Your answer must hold only the lines below from the line containing "by rewrite /K; lra." through the line containing "Proof. exact: measurable_funM", each reproduced exactly.

[Start of section]

(* Let $Q$ be a measure on a measurable space $\mathcal{X}$, let $\beta>0$, and let $l,\tilde l:\mathcal{X}\to\mathbb{R}$ be measurable functions such that $0<\int e^{-\beta l}\,dQ<\infty$ and $0<\int e^{-\beta\tilde l}\,dQ<\infty$. Let $P(dx)\propto Q(dx)e^{-\beta l(x)}$ and $\tilde P(dx)\propto Q(dx)e^{-\beta\tilde l(x)}$ be the corresponding Gibbs probability measures. If $\sup_{x}|l(x)-\tilde l(x)|\le\epsilon$, then \[ D_{\mathrm{KL}}(P\|\tilde P)\le2\beta\epsilon\cdot\left\{1\wedge\left(e^{2\beta\epsilon}-1\right)\right\}. \]
   Context: $D_{\mathrm{KL}}$ denotes the Kullback–Leibler divergence (natural logarithm) and $a\wedge b=\min(a,b)$. *)

From HB Require Import structures.
From mathcomp Require Import all_boot all_order all_algebra.
From mathcomp Require Import all_classical all_reals all_analysis.
Set Implicit Arguments. Unset Strict Implicit. Unset Printing Implicit Defensive.
Import Order.TTheory GRing.Theory Num.Theory.
Local Open Scope ring_scope.
Local Open Scope ereal_scope.

Definition gibbs_Z (R : realType) (d : measure_display) (T : measurableType d)
  (Q : {measure set T -> \bar R}) (beta : R) (l : T -> R) : \bar R :=
  \int[Q]_x (expR (- beta * l x))%:E.

Definition gibbs_density (R : realType) (d : measure_display) (T : measurableType d)
  (Q : {measure set T -> \bar R}) (beta : R) (l : T -> R) : T -> R :=
  fun x => (expR (- beta * l x) / fine (gibbs_Z Q beta l))%R.

(* KL divergence D_KL(P || P') of P = p dQ and P' = p' dQ, natural log:
   \int p ln(p / p') dQ. *)
Definition KL_dens (R : realType) (d : measure_display) (T : measurableType d)
  (Q : {measure set T -> \bar R}) (p q : T -> R) : \bar R :=
  \int[Q]_x ((p x * ln (p x / q x))%R)%:E.

From HB Require Import structures.
From mathcomp Require Import all_boot all_order all_algebra.
From mathcomp Require Import all_classical all_reals all_analysis.
From mathcomp Require Import ring lra measurable_realfun.
Set Implicit Arguments. Unset Strict Implicit. Unset Printing Implicit Defensive.
Import Order.TTheory GRing.Theory Num.Theory.
Local Open Scope ring_scope.
Local Open Scope ereal_scope.

(* Write P = e^t P~ with t = beta (l~ - l) + ln (Z~ / Z), so that |t| <= 2 beta eps
   and D_KL(P || P~) = E_P[t].  This is at most a := 2 beta eps; and since
   t e^t <= a (e^a - 1) + e^t - 1 whenever |t| <= a, integrating against P~
   (where E[e^t] = 1) also gives E_P[t] <= a (e^a - 1). *)

Lemma mulr_expR_le (R : realType) (a t : R) : (`|t| <= a)%R ->
  (t * expR t <= a * (expR a - 1) + expR t - 1)%R.
Proof.
move=> ta; have t1 := expR_ge1Dx t.
suff : ((expR t - 1) * t <= a * (expR a - 1))%R by nra.
have [t0|t0] := leP 0%R t.
  have ht : (t <= a)%R by move: ta; rewrite ger0_norm.
  have : (expR t <= expR a)%R by rewrite ler_expR.
  nra.
have ht : (- t <= a)%R by move: ta; rewrite ltr0_norm.
have : (expR (- a) <= expR t)%R by rewrite ler_expR lerNl.
have : (expR t <= 1)%R by rewrite -expR0 ler_expR ltW.
have : (1 - expR (- a) <= expR a - 1)%R.
  by have := expR_ge1Dx a; have := expR_ge1Dx (- a); lra.
nra.
Qed.

Lemma ge0_integrable (R : realType) (d : measure_display) (T : measurableType d)
    (Q : {measure set T -> \bar R}) (f : T -> R) :
  measurable_fun setT f -> (forall x, 0 <= f x)%R ->
  \int[Q]_x (f x)%:E < +oo -> Q.-integrable setT (EFin \o f).
Proof.
move=> mf f0 fint; apply/integrableP; split; first exact/measurable_EFinP.
by rewrite (eq_integral (fun x => (f x)%:E)) // => x _; rewrite gee0_abs ?lee_fin.
Qed.

Section KL_bounded_log_ratio.
Variables (R : realType) (d : measure_display) (T : measurableType d).
Variables (Q : {measure set T -> \bar R}) (p q t : T -> R) (a : R).
Hypothesis mq : measurable_fun setT q.
Hypothesis mt : measurable_fun setT t.
Hypothesis q_gt0 : forall x, (0 < q x)%R.
Hypothesis p_expR : forall x, p x = (q x * expR (t x))%R.
Hypothesis int_p : \int[Q]_x (p x)%:E = 1.
Hypothesis int_q : \int[Q]_x (q x)%:E = 1.
Hypothesis t_le : forall x, (`|t x| <= a)%R.

Let p_ge0 x : (0 <= p x)%R.
Proof. by rewrite p_expR mulr_ge0 ?expR_ge0 ?ltW. Qed.

Let mp : measurable_fun setT p.
Proof. by rewrite (funext p_expR); apply: measurable_funM => //; exact: measurableT_comp. Qed.

Let ip : Q.-integrable setT (EFin \o p).
Proof. by apply: ge0_integrable => //; rewrite int_p ltry. Qed.

Let iq : Q.-integrable setT (EFin \o q).
Proof. by apply: ge0_integrable => [//|x|]; rewrite ?int_q ?ltry ?ltW. Qed.

Lemma KL_dens_expR_ratio : KL_dens Q p q = \int[Q]_x (p x * t x)%:E.
Proof.
apply: eq_integral => x _; congr (_ * _)%:E.
by rewrite p_expR mulrAC divff ?mul1r ?expRK // gt_eqF.
Qed.

Let a_ge0 (x : T) : (0 <= a)%R. Proof. exact: le_trans (normr_ge0 _) (t_le x). Qed.

Let ipt : Q.-integrable setT (fun x => (p x * t x)%:E).
Proof.
apply: (le_integrable measurableT _ _ (integrableZl measurableT a ip)).
  exact/measurable_EFinP/measurable_funM.
move=> x _; rewrite -[_ * (EFin \o p) x]EFinM !abse_EFin lee_fin !normrM.
by rewrite (ger0_norm (p_ge0 x)) (ger0_norm (a_ge0 x)) mulrC ler_wpM2r.
Qed.

Lemma KL_dens_le_sup_log_ratio : KL_dens Q p q <= a%:E.
Proof.
rewrite KL_dens_expR_ratio -[leRHS]mule1 -int_p -integralZl //.
apply: le_integral ipt (integrableZl measurableT a ip) _ => // x _.
rewrite -EFinM lee_fin mulrC ler_wpM2r //.
exact: le_trans (ler_norm _) (t_le x).
Qed.

Lemma KL_dens_le_mul_expR : KL_dens Q p q <= (a * (expR a - 1))%:E.
Proof.
set K := (a * (expR a - 1))%R.
have iKq := integrableZl measurableT K iq.
have ipq := integrableB measurableT ip iq.
rewrite KL_dens_expR_ratio.
apply: le_trans (le_integral measurableT ipt (integrableD measurableT iKq ipq) _) _.
  move=> x _; rewrite /= -EFinM -EFinB -EFinD lee_fin p_expR -mulrA.
  have := ler_wpM2l (ltW (q_gt0 x)) (mulr_expR_le (t_le x)).
  by rewrite /K; lra.
by rewrite integralD // integralB // integralZl // int_p int_q mule1 subee ?adde0.
Qed.

Lemma KL_dens_le_min : KL_dens Q p q <= (a * Num.min 1 (expR a - 1))%:E.
Proof.
have [_|_] := leP 1%R (expR a - 1)%R.
  by rewrite mulr1 KL_dens_le_sup_log_ratio.
exact: KL_dens_le_mul_expR.
Qed.

End KL_bounded_log_ratio.

Section gibbs_measure.
Variables (R : realType) (d : measure_display) (T : measurableType d).
Variables (Q : {measure set T -> \bar R}) (beta : R) (l : T -> R).
Hypothesis ml : measurable_fun setT l.

Lemma measurable_gibbs_weight : measurable_fun setT (fun x => expR (- beta * l x)).
Proof. by apply: measurableT_comp => //; exact: measurable_funM. Qed.

Hypothesis Z_gt0_fin : 0 < gibbs_Z Q beta l < +oo.

Lemma gibbs_ZE : gibbs_Z Q beta l = (fine (gibbs_Z Q beta l))%:E.
Proof. by case/andP: Z_gt0_fin => Z0 Zoo; rewrite fineK // ge0_fin_numE ?ltW. Qed.

Lemma fine_gibbs_Z_gt0 : (0 < fine (gibbs_Z Q beta l))%R.
Proof. by rewrite -lte_fin -gibbs_ZE; case/andP: Z_gt0_fin. Qed.

Lemma gibbs_density_gt0 x : (0 < gibbs_density Q beta l x)%R.
Proof. by rewrite divr_gt0 ?expR_gt0 ?fine_gibbs_Z_gt0. Qed.

Lemma measurable_gibbs_density : measurable_fun setT (gibbs_density Q beta l).
Proof. exact: measurable_funM measurable_gibbs_weight (measurable_cst _). Qed.

Lemma integral_gibbs_density : \int[Q]_x (gibbs_density Q beta l x)%:E = 1.
Proof.
have Z0 := fine_gibbs_Z_gt0.
under eq_integral => x _ do rewrite /gibbs_density mulrC EFinM.
rewrite ge0_integralZl ?lee_fin ?invr_ge0 ?ltW //.
- by rewrite -/(gibbs_Z Q beta l) gibbs_ZE -EFinM mulVf // gt_eqF.
- exact/measurable_EFinP/measurable_gibbs_weight.
Qed.

End gibbs_measure.

Lemma gibbs_Z_le (R : realType) (d : measure_display) (T : measurableType d)
    (Q : {measure set T -> \bar R}) (beta eps : R) (l lt : T -> R) :
  (0 <= beta)%R -> measurable_fun setT l -> measurable_fun setT lt ->
  (forall x, l x - lt x <= eps)%R ->
  gibbs_Z Q beta lt <= (expR (beta * eps))%:E * gibbs_Z Q beta l.
Proof.
move=> beta0 ml mlt le_eps.
have mw (f : T -> R) : measurable_fun setT f ->
    measurable_fun setT (fun x => (expR (- beta * f x))%:E).
  by move=> mf; apply/measurable_EFinP; exact: measurable_gibbs_weight.
rewrite /gibbs_Z -ge0_integralZl ?lee_fin ?expR_ge0 //; last exact: mw.
apply: ge0_le_integral => //; [exact: mw | exact/measurable_funeM/mw |].
move=> x _; rewrite -EFinM lee_fin -expRD ler_expR.
by have := ler_wpM2l beta0 (le_eps x); lra.
Qed.

Section gibbs_pair.
Variables (R : realType) (d : measure_display) (T : measurableType d).
Variables (Q : {measure set T -> \bar R}) (beta eps : R) (l lt : T -> R).
Hypothesis beta_ge0 : (0 <= beta)%R.
Hypotheses (ml : measurable_fun setT l) (mlt : measurable_fun setT lt).
Hypothesis Zl_gt0_fin : 0 < gibbs_Z Q beta l < +oo.
Hypothesis Zlt_gt0_fin : 0 < gibbs_Z Q beta lt < +oo.
Hypothesis l_lt_eps : forall x, (`|l x - lt x| <= eps)%R.

Let Z := fine (gibbs_Z Q beta l).
Let Zt := fine (gibbs_Z Q beta lt).
Let c := ln (Zt / Z).

Definition gibbs_log_ratio x : R := beta * (lt x - l x) + c.

Lemma measurable_gibbs_log_ratio : measurable_fun setT gibbs_log_ratio.
Proof. by apply: measurable_funD => //; apply: measurable_funM => //; exact: measurable_funB. Qed.

Lemma gibbs_density_expR_ratio x : gibbs_density Q beta l x =
  (gibbs_density Q beta lt x * expR (gibbs_log_ratio x))%R.
Proof.
have Z0 : (0 < Z)%R by exact: fine_gibbs_Z_gt0.
have Zt0 : (0 < Zt)%R by exact: fine_gibbs_Z_gt0.
rewrite /gibbs_density /gibbs_log_ratio -/Z -/Zt expRD lnK ?posrE ?divr_gt0 //.
have -> : expR (- beta * l x) = (expR (- beta * lt x) * expR (beta * (lt x - l x)))%R.
  by rewrite -expRD; congr expR; ring.
by field; rewrite !gt_eqF.
Qed.

Lemma ln_gibbs_Z_ratio_le : (`|c| <= beta * eps)%R.
Proof.
have Z0 : (0 < Z)%R by exact: fine_gibbs_Z_gt0.
have Zt0 : (0 < Zt)%R by exact: fine_gibbs_Z_gt0.
have epsl x : (l x - lt x <= eps)%R by have := l_lt_eps x; rewrite ler_norml => /andP[].
have epslt x : (lt x - l x <= eps)%R.
  by have := l_lt_eps x; rewrite distrC ler_norml => /andP[].
have := gibbs_Z_le Q beta_ge0 ml mlt epsl.
have := gibbs_Z_le Q beta_ge0 mlt ml epslt.
rewrite (gibbs_ZE Zl_gt0_fin) (gibbs_ZE Zlt_gt0_fin) -!EFinM !lee_fin -/Z -/Zt.
move=> ZleZt ZtleZ; have ec : expR c = (Zt / Z)%R by rewrite lnK ?posrE ?divr_gt0.
rewrite ler_norml; apply/andP; split; rewrite -ler_expR ec.
  by rewrite expRN ler_pdivlMr // mulrC ler_pdivrMr ?expR_gt0 // mulrC.
by rewrite ler_pdivrMr.
Qed.

Lemma gibbs_log_ratio_le x : (`|gibbs_log_ratio x| <= 2 * beta * eps)%R.
Proof.
apply: le_trans (ler_normD _ _) _.
have : (`|beta * (lt x - l x)| <= beta * eps)%R.
  by rewrite normrM ger0_norm // distrC ler_wpM2l.
by have := ln_gibbs_Z_ratio_le; lra.
Qed.

End gibbs_pair.

Theorem lemma17 (R : realType) (d : measure_display) (T : measurableType d)
  (Q : {measure set T -> \bar R}) (beta eps : R) (l lt : T -> R) :
  (0 < beta)%R ->
  measurable_fun setT l -> measurable_fun setT lt ->
  0 < gibbs_Z Q beta l < +oo ->
  0 < gibbs_Z Q beta lt < +oo ->
  (forall x, `|l x - lt x| <= eps)%R ->
  KL_dens Q (gibbs_density Q beta l) (gibbs_density Q beta lt)
    <= (2 * beta * eps * Num.min 1 (expR (2 * beta * eps) - 1))%:E.
Proof.
move=> beta0 ml mlt Zl Zlt l_lt_eps.
apply: (KL_dens_le_min (t := gibbs_log_ratio Q beta l lt)).
- exact: measurable_gibbs_density.
- exact: measurable_gibbs_log_ratio.
- exact: gibbs_density_gt0.
- exact: gibbs_density_expR_ratio.
- exact: integral_gibbs_density.
- exact: integral_gibbs_density.
- exact: (gibbs_log_ratio_le (ltW beta0)).
Qed.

[End of section]

## Exercise solution
  by rewrite /K; lra.
by rewrite integralD // integralB // integralZl // int_p int_q mule1 subee ?adde0.
Qed.

Lemma KL_dens_le_min : KL_dens Q p q <= (a * Num.min 1 (expR a - 1))%:E.
Proof.
have [_|_] := leP 1%R (expR a - 1)%R.
  by rewrite mulr1 KL_dens_le_sup_log_ratio.
exact: KL_dens_le_mul_expR.
Qed.

End KL_bounded_log_ratio.

Section gibbs_measure.
Variables (R : realType) (d : measure_display) (T : measurableType d).
Variables (Q : {measure set T -> \bar R}) (beta : R) (l : T -> R).
Hypothesis ml : measurable_fun setT l.

Lemma measurable_gibbs_weight : measurable_fun setT (fun x => expR (- beta * l x)).
Proof. by apply: measurableT_comp => //; exact: measurable_funM. Qed.

Hypothesis Z_gt0_fin : 0 < gibbs_Z Q beta l < +oo.

Lemma gibbs_ZE : gibbs_Z Q beta l = (fine (gibbs_Z Q beta l))%:E.
Proof. by case/andP: Z_gt0_fin => Z0 Zoo; rewrite fineK // ge0_fin_numE ?ltW. Qed.

Lemma fine_gibbs_Z_gt0 : (0 < fine (gibbs_Z Q beta l))%R.
Proof. by rewrite -lte_fin -gibbs_ZE; case/andP: Z_gt0_fin. Qed.

Lemma gibbs_density_gt0 x : (0 < gibbs_density Q beta l x)%R.
Proof. by rewrite divr_gt0 ?expR_gt0 ?fine_gibbs_Z_gt0. Qed.

Lemma measurable_gibbs_density : measurable_fun setT (gibbs_density Q beta l).
Proof. exact: measurable_funM measurable_gibbs_weight (measurable_cst _). Qed.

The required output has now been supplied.